[melbourne-pug] Code review comments for next issue of The Python Papers

Fri Jun 8 00:39:54 CEST 2007

On 7/06/2007 11:38 PM, Maurice Ling wrote:
> Hi Tennessee,
> 
> Given my background in text analysis, I can't help but wonder 2 main 
> issues which are essentially word tokenization problems:
> 
> 1. How are the words identified? By whitespaces? If so, then there is a 
> false removal (substitution) in this case:
> original: Tom ate an apple.
> new: Tom ate an apple and an orange.
> 
> 2. Hyphenations etc? For example, "Tom is twenty-three years old this 
> year" and "Tom is twenty three years old this year".
> 

Capitalisation is another problem:
original: Envy and pride are ...
new: Sloth, envy and pride are ...

Comments say "words are atomic": what about typos? stuff cheesw?
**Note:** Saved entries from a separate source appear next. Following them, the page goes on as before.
(* Let $\mathcal{P}$ and $\mathcal{P}'$ be $n$-dimensional simplices in $\mathbb{R}^n$ that are facet-generic, and suppose that a set $I=\{(\mathbf{n}_j,A_j): j\in\{0,\dots,n\}\}$ is a facet-indicator set of both $\mathcal{P}$ and $\mathcal{P}'$. Then there exist a vector $\mathbf{v}\in\mathbb{R}^n$ and $\epsilon\in\{-1,1\}$ such that $\mathcal{P}'=\epsilon\mathcal{P}+\mathbf{v}$. That is, an $n$-dimensional simplex is uniquely determined by a facet-indicator set of it, up to translation and reflection in a point.
   Context: An $n$-dimensional convex polytope is facet-generic if it does not contain two parallel facets ($(n-1)$-dimensional faces lying in parallel hyperplanes). For a facet-generic convex polytope $\mathcal{Q}$ with $f$ facets, a set $I=\{(\mathbf{n}_j,A_j): j\in J\}$ with $|J|=f$ is a facet-indicator set of $\mathcal{Q}$ if the facets of $\mathcal{Q}$ can be labelled $F_j$, $j\in J$ (bijectively), such that $\mathbf{n}_j$ is a unit normal vector of $F_j$, pointing either outwards or inwards (the direction is not specified), and $A_j$ is the $(n-1)$-dimensional surface measure of $F_j$. *)

From mathcomp Require Import all_boot all_order all_algebra all_fingroup reals.
Set Implicit Arguments. Unset Strict Implicit. Unset Printing Implicit Defensive.
Import Order.TTheory GRing.Theory Num.Theory.
Local Open Scope ring_scope.

Section Simplex.
Variables (R : realType) (n : nat).
Implicit Types (x y u w : 'rV[R]_n) (p : 'I_n.+1 -> 'rV[R]_n).

Definition dotp x y : R := \sum_(i < n) x 0 i * y 0 i.

Definition aff_indep p : Prop :=
  forall c : 'I_n.+1 -> R,
    \sum_(i < n.+1) c i = 0 -> \sum_(i < n.+1) c i *: p i = 0 ->
    forall i, c i = 0.

Definition conv_hull p (x : 'rV[R]_n) : Prop :=
  exists c : 'I_n.+1 -> R,
    [/\ forall i, 0 <= c i, \sum_(i < n.+1) c i = 1 &
        x = \sum_(i < n.+1) c i *: p i].

(* Facet k of the simplex is the convex hull of the vertices p i, i != k.
   Its supporting hyperplane (affine hull) has direction space facet_dir p k:
   the vectors sum_{i != k} c_i p_i with sum_{i != k} c_i = 0. *)
Definition facet_dir p (k : 'I_n.+1) (w : 'rV[R]_n) : Prop :=
  exists c : 'I_n.+1 -> R,
    \sum_(i < n.+1 | i != k) c i = 0 /\
    w = \sum_(i < n.+1 | i != k) c i *: p i.
(* Let $\zeta_n=e^{2\pi i/n}$, $F_n={\mathbf Q}(\zeta_n+\zeta_n^{-1})$ and $\underline{\mathcal O}_n={\mathbf Z}[\zeta_n+\zeta_n^{-1}]$; let $\mathfrak p_n$ be the unique prime of $\underline{\mathcal O}_n$ above $2$. (a) If $n=2^s\ge 8$, put $p_n=2+\zeta_n+\zeta_n^{-1}$. Then $\operatorname{N}_{F_n/{\mathbf Q}}(p_n)=2$ and $p_n$ is a totally positive generator of $\mathfrak p_n$. (b) If $n=3\cdot 2^s\ge 12$, put $p_n'=1+\zeta_n+\zeta_n^{-1}$. Then $\operatorname{N}_{F_n/{\mathbf Q}}(p_n')=\operatorname{N}_{F_n/{\mathbf Q}}(p_n'-2)=-2$ and $\mathfrak p_n=(p_n')$. All units of $\underline{\mathcal O}_n$ have norm $1$, and there is no element of $\underline{\mathcal O}_n$ of norm $2$. *)

From mathcomp Require Import all_boot all_order all_algebra.
From mathcomp Require Import algC.
Set Implicit Arguments. Unset Strict Implicit. Unset Printing Implicit Defensive.
Import Order.TTheory GRing.Theory Num.Theory.
Local Open Scope ring_scope.

(* zeta_n = e^{2 pi i/n} for even n: (n/2).-root (-1) is the (n/2)-th root of
   -1 of minimal argument, i.e. e^{i pi/(n/2)} = e^{2 pi i/n}.  All n in the
   statement are even. *)
Definition zeta (n : nat) : algC := (n./2).-root (-1).

Definition cc (n k : nat) : algC := zeta n ^+ k + (zeta n ^+ k)^-1.

Definition evk (n k : nat) (q : {poly int}) : algC := (map_poly intr q).[cc n k].

Definition inO (n : nat) (x : algC) : Prop := exists q : {poly int}, x = evk n 1 q.

(* The embeddings of F_n = Q(zeta_n + zeta_n^{-1}) into C are
   zeta_n + zeta_n^{-1} |-> zeta_n^k + zeta_n^{-k}, k in (Z/n)^* / {+-1};
   we index them by 0 <= k < n/2 with gcd(k,n) = 1. *)
Definition emb_idx (n : nat) (k : 'I_n) : bool := coprime k n && (2 * k < n)%N.
Arguments emb_idx : clear implicits.

Definition normO (n : nat) (q : {poly int}) : algC :=
  \prod_(k < n | emb_idx n k) evk n k q.

Definition totally_positive (n : nat) (q : {poly int}) : Prop :=
  forall k : 'I_n, emb_idx n k -> 0 < evk n k q.

Definition idealO (n : nat) (P : algC -> Prop) : Prop :=
  [/\ (forall x, P x -> inO n x),
      P 0,
      (forall x y, P x -> P y -> P (x - y)) &
      (forall a x, inO n a -> P x -> P (a * x))].

Definition prime_idealO (n : nat) (P : algC -> Prop) : Prop :=
  [/\ idealO n P,
      ~ P 1 &
      (forall x y, inO n x -> inO n y -> P (x * y) -> P x \/ P y)].

Definition principalO (n : nat) (p : algC) : algC -> Prop :=
  fun x => exists2 y, inO n y & x = p * y.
At the Python level -- based on [possibly incorrect] recollections from 
reading it yesterday; detailed dissection later :-)

1. tokens produced by str.split() don't need str.strip() applied to them

2. blank lines in unexpected places e.g. before else:

3. "if not thing is None" -- syntactically correct but stylistically 
chundrous IMHO; what's wrong with "if thing is not None"?

4. put in comments that explain your tree structure, or at the very 
least position the tree-creating method(s) before the tree-examining 
method(s) -- save gentle readers the need to nut out the meaning of:
     node is None
     node == ""
     isinstance(node, str) # what about unicode?
     node is none of the above

5. Testing/example architecture could be a bit more robust than a 
collection of commented pairs of sentences down the end.

Cheers,
John